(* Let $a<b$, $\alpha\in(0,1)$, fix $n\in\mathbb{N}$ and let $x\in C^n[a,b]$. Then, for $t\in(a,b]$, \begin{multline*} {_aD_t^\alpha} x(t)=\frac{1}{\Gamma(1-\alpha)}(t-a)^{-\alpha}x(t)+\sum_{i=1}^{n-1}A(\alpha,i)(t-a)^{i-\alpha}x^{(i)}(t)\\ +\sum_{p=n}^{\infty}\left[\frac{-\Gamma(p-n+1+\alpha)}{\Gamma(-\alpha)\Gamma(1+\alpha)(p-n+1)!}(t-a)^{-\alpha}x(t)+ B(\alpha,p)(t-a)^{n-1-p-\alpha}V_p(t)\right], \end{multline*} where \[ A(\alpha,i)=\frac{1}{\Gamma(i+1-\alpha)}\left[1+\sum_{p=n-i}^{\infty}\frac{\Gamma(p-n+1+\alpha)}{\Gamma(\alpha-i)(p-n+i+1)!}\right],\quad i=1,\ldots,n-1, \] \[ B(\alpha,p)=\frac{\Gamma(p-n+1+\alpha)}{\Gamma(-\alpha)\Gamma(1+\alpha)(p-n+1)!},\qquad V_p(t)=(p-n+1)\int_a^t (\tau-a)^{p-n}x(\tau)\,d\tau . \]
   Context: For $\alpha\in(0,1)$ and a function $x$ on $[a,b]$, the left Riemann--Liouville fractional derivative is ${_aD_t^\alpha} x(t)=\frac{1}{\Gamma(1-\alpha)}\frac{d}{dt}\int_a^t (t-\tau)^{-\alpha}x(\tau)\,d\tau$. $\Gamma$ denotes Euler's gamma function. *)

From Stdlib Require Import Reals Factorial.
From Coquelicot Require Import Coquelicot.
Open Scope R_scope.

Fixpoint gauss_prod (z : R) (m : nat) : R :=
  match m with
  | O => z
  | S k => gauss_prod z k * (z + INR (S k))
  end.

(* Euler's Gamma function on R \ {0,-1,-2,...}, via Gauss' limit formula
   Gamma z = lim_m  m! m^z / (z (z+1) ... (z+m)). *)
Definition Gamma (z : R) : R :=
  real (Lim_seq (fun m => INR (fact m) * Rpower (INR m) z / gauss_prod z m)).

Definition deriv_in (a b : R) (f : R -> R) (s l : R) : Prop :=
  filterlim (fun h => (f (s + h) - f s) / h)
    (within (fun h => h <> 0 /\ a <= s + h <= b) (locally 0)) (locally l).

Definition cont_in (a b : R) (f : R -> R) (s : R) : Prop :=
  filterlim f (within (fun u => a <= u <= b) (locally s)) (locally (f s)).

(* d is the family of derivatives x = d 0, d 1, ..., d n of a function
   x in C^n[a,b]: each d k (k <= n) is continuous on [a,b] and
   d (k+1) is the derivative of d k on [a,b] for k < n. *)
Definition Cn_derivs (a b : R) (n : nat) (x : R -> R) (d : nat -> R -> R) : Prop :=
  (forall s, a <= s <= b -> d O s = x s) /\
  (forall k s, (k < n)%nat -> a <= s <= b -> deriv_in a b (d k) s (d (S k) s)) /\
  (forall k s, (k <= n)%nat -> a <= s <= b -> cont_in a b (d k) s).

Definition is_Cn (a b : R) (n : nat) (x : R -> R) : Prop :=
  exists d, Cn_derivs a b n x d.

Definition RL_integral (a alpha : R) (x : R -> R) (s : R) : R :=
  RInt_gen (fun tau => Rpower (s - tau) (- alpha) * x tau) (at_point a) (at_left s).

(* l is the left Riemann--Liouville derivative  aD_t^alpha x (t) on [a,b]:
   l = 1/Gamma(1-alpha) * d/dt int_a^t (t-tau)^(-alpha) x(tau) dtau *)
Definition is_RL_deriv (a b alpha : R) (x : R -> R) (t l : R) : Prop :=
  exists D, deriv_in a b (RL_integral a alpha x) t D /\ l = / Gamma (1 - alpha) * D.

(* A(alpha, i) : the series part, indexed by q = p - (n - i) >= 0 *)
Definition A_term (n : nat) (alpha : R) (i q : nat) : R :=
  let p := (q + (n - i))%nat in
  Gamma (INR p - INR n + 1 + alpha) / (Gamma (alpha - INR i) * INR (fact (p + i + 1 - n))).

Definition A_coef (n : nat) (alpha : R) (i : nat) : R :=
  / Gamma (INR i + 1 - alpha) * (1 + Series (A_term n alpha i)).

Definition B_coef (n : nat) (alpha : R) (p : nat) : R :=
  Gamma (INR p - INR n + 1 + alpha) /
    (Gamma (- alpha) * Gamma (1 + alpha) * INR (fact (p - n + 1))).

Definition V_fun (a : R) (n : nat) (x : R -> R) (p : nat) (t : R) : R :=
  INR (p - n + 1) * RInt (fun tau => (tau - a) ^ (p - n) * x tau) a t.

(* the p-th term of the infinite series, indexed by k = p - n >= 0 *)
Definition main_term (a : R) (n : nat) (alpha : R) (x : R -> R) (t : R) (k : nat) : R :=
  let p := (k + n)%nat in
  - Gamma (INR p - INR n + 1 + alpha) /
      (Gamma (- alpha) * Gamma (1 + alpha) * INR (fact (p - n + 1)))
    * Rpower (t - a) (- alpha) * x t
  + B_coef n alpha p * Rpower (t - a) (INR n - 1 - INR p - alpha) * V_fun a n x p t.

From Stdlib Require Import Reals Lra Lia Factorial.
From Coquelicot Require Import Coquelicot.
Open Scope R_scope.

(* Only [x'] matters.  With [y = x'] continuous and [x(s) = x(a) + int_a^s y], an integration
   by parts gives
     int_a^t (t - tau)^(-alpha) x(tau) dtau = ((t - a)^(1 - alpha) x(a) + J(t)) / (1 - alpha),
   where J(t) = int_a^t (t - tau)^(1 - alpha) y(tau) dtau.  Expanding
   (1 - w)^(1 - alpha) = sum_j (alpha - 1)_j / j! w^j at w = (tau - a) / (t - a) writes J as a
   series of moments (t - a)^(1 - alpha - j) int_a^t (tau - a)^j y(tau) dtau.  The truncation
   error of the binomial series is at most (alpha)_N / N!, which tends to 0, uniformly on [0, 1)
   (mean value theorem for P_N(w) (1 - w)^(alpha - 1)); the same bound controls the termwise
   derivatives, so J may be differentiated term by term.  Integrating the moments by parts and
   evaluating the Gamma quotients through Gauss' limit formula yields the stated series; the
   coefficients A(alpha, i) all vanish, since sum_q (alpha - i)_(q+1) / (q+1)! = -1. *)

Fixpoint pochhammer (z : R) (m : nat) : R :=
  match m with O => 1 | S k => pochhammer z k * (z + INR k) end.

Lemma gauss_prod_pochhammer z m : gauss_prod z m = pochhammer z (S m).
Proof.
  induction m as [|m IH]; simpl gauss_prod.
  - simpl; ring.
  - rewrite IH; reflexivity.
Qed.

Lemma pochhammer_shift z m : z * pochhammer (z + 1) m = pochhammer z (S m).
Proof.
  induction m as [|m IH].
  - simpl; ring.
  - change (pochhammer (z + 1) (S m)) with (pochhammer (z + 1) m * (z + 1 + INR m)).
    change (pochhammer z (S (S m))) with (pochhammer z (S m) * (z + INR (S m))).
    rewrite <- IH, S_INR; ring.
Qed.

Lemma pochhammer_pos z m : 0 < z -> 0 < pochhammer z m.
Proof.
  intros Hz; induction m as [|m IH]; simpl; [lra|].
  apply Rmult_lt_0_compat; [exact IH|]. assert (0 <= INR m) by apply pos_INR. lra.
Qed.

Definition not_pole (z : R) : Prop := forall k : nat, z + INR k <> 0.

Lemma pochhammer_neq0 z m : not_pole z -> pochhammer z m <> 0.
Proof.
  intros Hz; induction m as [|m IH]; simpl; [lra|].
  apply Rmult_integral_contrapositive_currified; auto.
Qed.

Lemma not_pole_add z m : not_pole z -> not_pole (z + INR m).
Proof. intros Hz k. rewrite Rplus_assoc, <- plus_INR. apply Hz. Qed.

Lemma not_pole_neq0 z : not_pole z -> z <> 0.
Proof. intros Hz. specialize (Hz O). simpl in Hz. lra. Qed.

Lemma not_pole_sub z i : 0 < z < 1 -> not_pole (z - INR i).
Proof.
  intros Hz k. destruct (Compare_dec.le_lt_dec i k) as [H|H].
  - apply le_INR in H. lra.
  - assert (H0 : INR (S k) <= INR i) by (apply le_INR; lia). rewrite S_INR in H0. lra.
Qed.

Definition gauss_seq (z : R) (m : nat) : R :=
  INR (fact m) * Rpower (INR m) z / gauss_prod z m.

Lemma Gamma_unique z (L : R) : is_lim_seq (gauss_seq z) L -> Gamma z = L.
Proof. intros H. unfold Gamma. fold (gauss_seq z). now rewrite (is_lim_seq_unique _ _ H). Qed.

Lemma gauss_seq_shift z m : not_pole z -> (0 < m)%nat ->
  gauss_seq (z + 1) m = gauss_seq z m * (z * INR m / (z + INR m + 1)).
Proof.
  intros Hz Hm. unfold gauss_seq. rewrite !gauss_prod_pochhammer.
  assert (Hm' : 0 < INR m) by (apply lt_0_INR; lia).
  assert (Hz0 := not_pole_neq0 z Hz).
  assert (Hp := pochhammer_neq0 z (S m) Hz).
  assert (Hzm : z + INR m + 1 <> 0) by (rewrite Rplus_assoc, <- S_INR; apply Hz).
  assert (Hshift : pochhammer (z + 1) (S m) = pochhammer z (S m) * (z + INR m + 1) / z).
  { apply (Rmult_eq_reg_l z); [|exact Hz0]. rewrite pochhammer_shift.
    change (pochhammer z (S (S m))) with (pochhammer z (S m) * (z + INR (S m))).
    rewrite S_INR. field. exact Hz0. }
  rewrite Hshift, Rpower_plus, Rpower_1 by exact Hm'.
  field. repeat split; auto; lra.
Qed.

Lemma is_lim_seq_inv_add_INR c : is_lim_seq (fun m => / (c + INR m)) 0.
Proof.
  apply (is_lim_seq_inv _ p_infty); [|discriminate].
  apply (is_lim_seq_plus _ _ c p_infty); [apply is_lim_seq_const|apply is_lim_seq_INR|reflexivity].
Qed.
_ _ _ _ _
## Your assignment
Count how many lines in the data contain the word "parts". Reply with that number only.

## Response area
2